Which lines below mention "move"? Pick each one out.

Collected data:

[Start of section]

(* Let $0<c<1/2$, and for integers $j\ge0$ set $c_j=c+c^2+\dots+c^j$ (so $c_0=0$). Then for every $B\in\mathcal F$ and every integer $m$ with $0\le m\le k:=\mu(B)$, $$g(m,B)\le 2c_1+2c_2+\dots+2c_{m-1}+c_m+c_m\,c_{k-m},$$ where $g(m,B)=\sum_{i\in\mathrm{OPT}^m_{\mathrm{large}}(B)}\sum_{B'\in\mathrm{Chain}[M(i),B]} c^{\,1+\mathrm{brank}(i,B')}$.
   Context: Let $U$ be a finite ground set with weight function $w:U\to\mathbb{R}_{\ge0}$ taking pairwise distinct values. Let $\mathcal F$ be a laminar family of subsets of $U$ (for any $A,B\in\mathcal F$: $A\subseteq B$, $B\subseteq A$, or $A\cap B=\emptyset$) with $U\in\mathcal F$; each $A\in\mathcal F$ has a positive integer capacity $\mu(A)$, with $\mu(A)<\mu(B)$ whenever $A\subsetneq B$. A set $X\subseteq U$ is independent iff $|X\cap A|\le\mu(A)$ for all $A\in\mathcal F$. For $i\in U$, $M(i)$ denotes the minimal member of $\mathcal F$ containing $i$. For $A\subseteq B$ in $\mathcal F$, $\mathrm{Chain}[A,B]$ is the sequence of all $B'\in\mathcal F$ with $A\subseteq B'\subseteq B$, ordered by inclusion from $A$ up to $B$. For $B\in\mathcal F$, $\mathrm{OPT}(B)$ is the maximum-weight independent subset of $B$, and $\mathrm{OPT}^m_{\mathrm{large}}(B)$ is the set of the $m$ largest-weight elements of $\mathrm{OPT}(B)$ (all of $\mathrm{OPT}(B)$ if it has fewer than $m$ elements). The backward rank $\mathrm{brank}(i,B)$ is the number of elements of $\mathrm{OPT}(B)$ of weight less than $w(i)$. Standing convention of the paper: by padding $U$ with dummy elements of infinitesimal weight, one assumes $|\mathrm{OPT}(B)|=\mu(B)$ for every $B\in\mathcal F$. *)

From HB Require Import structures.
From mathcomp Require Import all_boot all_order all_algebra.
Set Implicit Arguments. Unset Strict Implicit. Unset Printing Implicit Defensive.
Import Order.TTheory GRing.Theory Num.Theory.

Section LaminarDefs.
Variable U : finType.

Definition laminar (F : {set {set U}}) : Prop :=
  forall A B, A \in F -> B \in F ->
    [\/ A \subset B, B \subset A | [disjoint A & B]].

Definition indep (F : {set {set U}}) (mu : {set U} -> nat) (X : {set U}) : bool :=
  [forall A in F, #|X :&: A| <= mu A].

Definition Mmin (F : {set {set U}}) (i : U) : {set U} :=
  odflt setT [pick A | minset (fun X : {set U} => (X \in F) && (i \in X)) A].

(* Chain[A,B] (as a set; only summed over) *)
Definition Chain (F : {set {set U}}) (A B : {set U}) : {set {set U}} :=
  [set B' in F | (A \subset B') && (B' \subset B)].

Variable R : realFieldType.

(* X is OPT(B): a maximum-weight independent subset of B, of size mu(B)
   (the size condition is the paper's standing padding convention). *)
Definition is_OPT (F : {set {set U}}) (mu : {set U} -> nat) (w : U -> R)
    (B X : {set U}) : Prop :=
  [/\ X \subset B, indep F mu X, #|X| = mu B &
      forall Y : {set U}, Y \subset B -> indep F mu Y ->
        (\sum_(i in Y) w i <= \sum_(i in X) w i)%R].

Definition OPT_large (w : U -> R) (OPTB : {set U}) (m : nat) : {set U} :=
  [set i in OPTB | #|[set j in OPTB | (w i < w j)%R]| < m].

Definition brank (w : U -> R) (OPTB : {set U}) (i : U) : nat :=
  #|[set j in OPTB | (w j < w i)%R]|.

Definition csum (c : R) (j : nat) : R := (\sum_(1 <= t < j.+1) c ^+ t)%R.

Definition gfun (F : {set {set U}}) (OPT : {set U} -> {set U}) (w : U -> R)
    (c : R) (m : nat) (B : {set U}) : R :=
  (\sum_(i in OPT_large w (OPT B) m)
     \sum_(B' in Chain F (Mmin F i) B) c ^+ (1 + brank w (OPT B') i))%R.

End LaminarDefs.

From HB Require Import structures.
From mathcomp Require Import all_boot all_order all_algebra.
Import Order.TTheory GRing.Theory Num.Theory.
From mathcomp Require Import ring lra zify.

Set Implicit Arguments.
Unset Strict Implicit.
Unset Printing Implicit Defensive.

Local Open Scope ring_scope.

(* Write f(m,k) = 2c_1 + ... + 2c_{m-1} + c_m + c_m c_{k-m}; the theorem says
   g(m,B) <= f(m, mu B).  The proof is a strong
   induction on |B|.  Let L = OPT^m_large(B).  The chain Chain[M(i),B] of an
   element i of B is B itself followed by the chain of the unique child of B
   (maximal member of F strictly below B) containing i, so g(m,B) splits into
   the terms of B and, for every child C, the chain sums of the a_C elements
   of L inside C.  The terms of B are at most c^{mu B - m} c_m because the
   elements of L have distinct ranks below m in OPT(B).  Since OPT(B) restricted
   to C is part of OPT(C) and keeps the heavier elements of OPT(C), the
   elements of L inside C are the a_C largest elements of OPT(C), so the
   induction hypothesis bounds child C by f(a_C, mu C).  The children are
   disjoint, so the a_C sum to at most m, and an arithmetic superadditivity
   property of f (proved on closed forms) absorbs their contributions. *)

Section GeometricSums.
Variables (R : realFieldType) (c : R).

Lemma csum0 : csum c 0 = 0.
Proof. by rewrite /csum big_geq. Qed.

Lemma csumS j : csum c j.+1 = csum c j + c ^+ j.+1.
Proof. by rewrite /csum big_nat_recr. Qed.

Lemma csumSl j : csum c j.+1 = c * (1 + csum c j).
Proof.
elim: j => [|j IH]; first by rewrite csumS csum0 expr1; ring.
by rewrite [csum c j.+2]csumS {1}IH csumS exprS; ring.
Qed.

Lemma csum_closed j : (1 - c) * csum c j = c - c ^+ j.+1.
Proof.
elim: j => [|j IH]; first by rewrite csum0 expr1; ring.
by rewrite csumS mulrDr IH !exprS; ring.
Qed.

Lemma sum_pow_tail m k : (m <= k)%N ->
  \sum_(t < m) c ^+ (k - t) = c ^+ (k - m) * csum c m.
Proof.
elim: m => [|m IH] mk; first by rewrite big_ord0 csum0 mulr0.
rewrite big_ord_recr /= IH ?(ltnW mk) // csumSl.
have -> : (k - m = (k - m.+1).+1)%N by lia.
by rewrite exprS; ring.
Qed.

Hypothesis c_ge0 : 0 <= c.

Lemma csum_ge0 j : 0 <= csum c j.
Proof. by apply: sumr_ge0 => t _; apply: exprn_ge0. Qed.

Lemma csum_mono j1 j2 : (j1 <= j2)%N -> csum c j1 <= csum c j2.
Proof.
move=> /subnKC <-; elim: (j2 - j1)%N => [|d IH]; first by rewrite addn0.
by rewrite addnS csumS (le_trans IH) // lerDl exprn_ge0.
Qed.

End GeometricSums.

(* The right-hand side of the theorem,
     f(m,k) = 2c_1 + ... + 2c_{m-1} + c_m + c_m c_{k-m},
   and the two arithmetic facts about it that drive the induction:
   f(., k) is superadditive as long as the arguments add up to at most k, and
   at "overflow" a + b = k + 1 the sum f(a,k) + f(b,k) equals the pure
   prefix 2c_1 + ... + 2c_k.  Everything is verified on closed forms obtained
   by multiplying with (1 - c)^2 > 0. *)
Section BoundFunction.
Variables (R : realFieldType) (c : R).
Hypotheses (c_gt0 : 0 < c) (c_lt1 : c < 1).

Definition twice_csums (m : nat) : R := \sum_(1 <= j < m) 2 * csum c j.

Definition fbound (m k : nat) : R :=
  twice_csums m + csum c m + csum c m * csum c (k - m).

Let c_ge0 : 0 <= c. Proof. exact: ltW. Qed.

Let pow_le1 n : c ^+ n <= 1.
Proof. by apply: exprn_ile1 => //; exact: ltW. Qed.

Let sq_gt0 : 0 < (1 - c) ^+ 2.
Proof. by apply: exprn_gt0; rewrite subr_gt0. Qed.

Let sq_neq0 : (1 - c) ^+ 2 != 0.
Proof. exact: lt0r_neq0. Qed.

Lemma twice_csums0 : twice_csums 0 = 0. Proof. by rewrite /twice_csums big_geq. Qed.
Lemma twice_csums1 : twice_csums 1 = 0. Proof. by rewrite /twice_csums big_geq. Qed.

Lemma twice_csumsS m : (0 < m)%N -> twice_csums m.+1 = twice_csums m + 2 * csum c m.
Proof. by move=> m_gt0; rewrite /twice_csums big_nat_recr. Qed.

Lemma twice_csums_ge0 m : 0 <= twice_csums m.
Proof. by apply: sumr_ge0 => j _; rewrite mulr_ge0 ?csum_ge0. Qed.

Lemma twice_csums_closed m :
  (1 - c) ^+ 2 * twice_csums m = 2 * (c * (1 - c) * m%:R - c + c ^+ m.+1).
Proof.
elim: m => [|m IH]; first by rewrite twice_csums0 expr1; ring.
case: m IH => [|m] IH; first by rewrite twice_csums1 expr2; ring.
rewrite twice_csumsS // mulrDr IH.
have -> : (1 - c) ^+ 2 * (2 * csum c m.+1) = 2 * (1 - c) * ((1 - c) * csum c m.+1)
  by ring.
by rewrite csum_closed -[(m.+2)%:R]natr1 -[(m.+1)%:R]natr1 !exprS; ring.
Qed.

[End of section]

• RESPONSE AREA:
move=> /subnKC <-; elim: (j2 - j1)%N => [|d IH]; first by rewrite addn0.
Proof. by move=> m_gt0; rewrite /twice_csums big_nat_recr. Qed.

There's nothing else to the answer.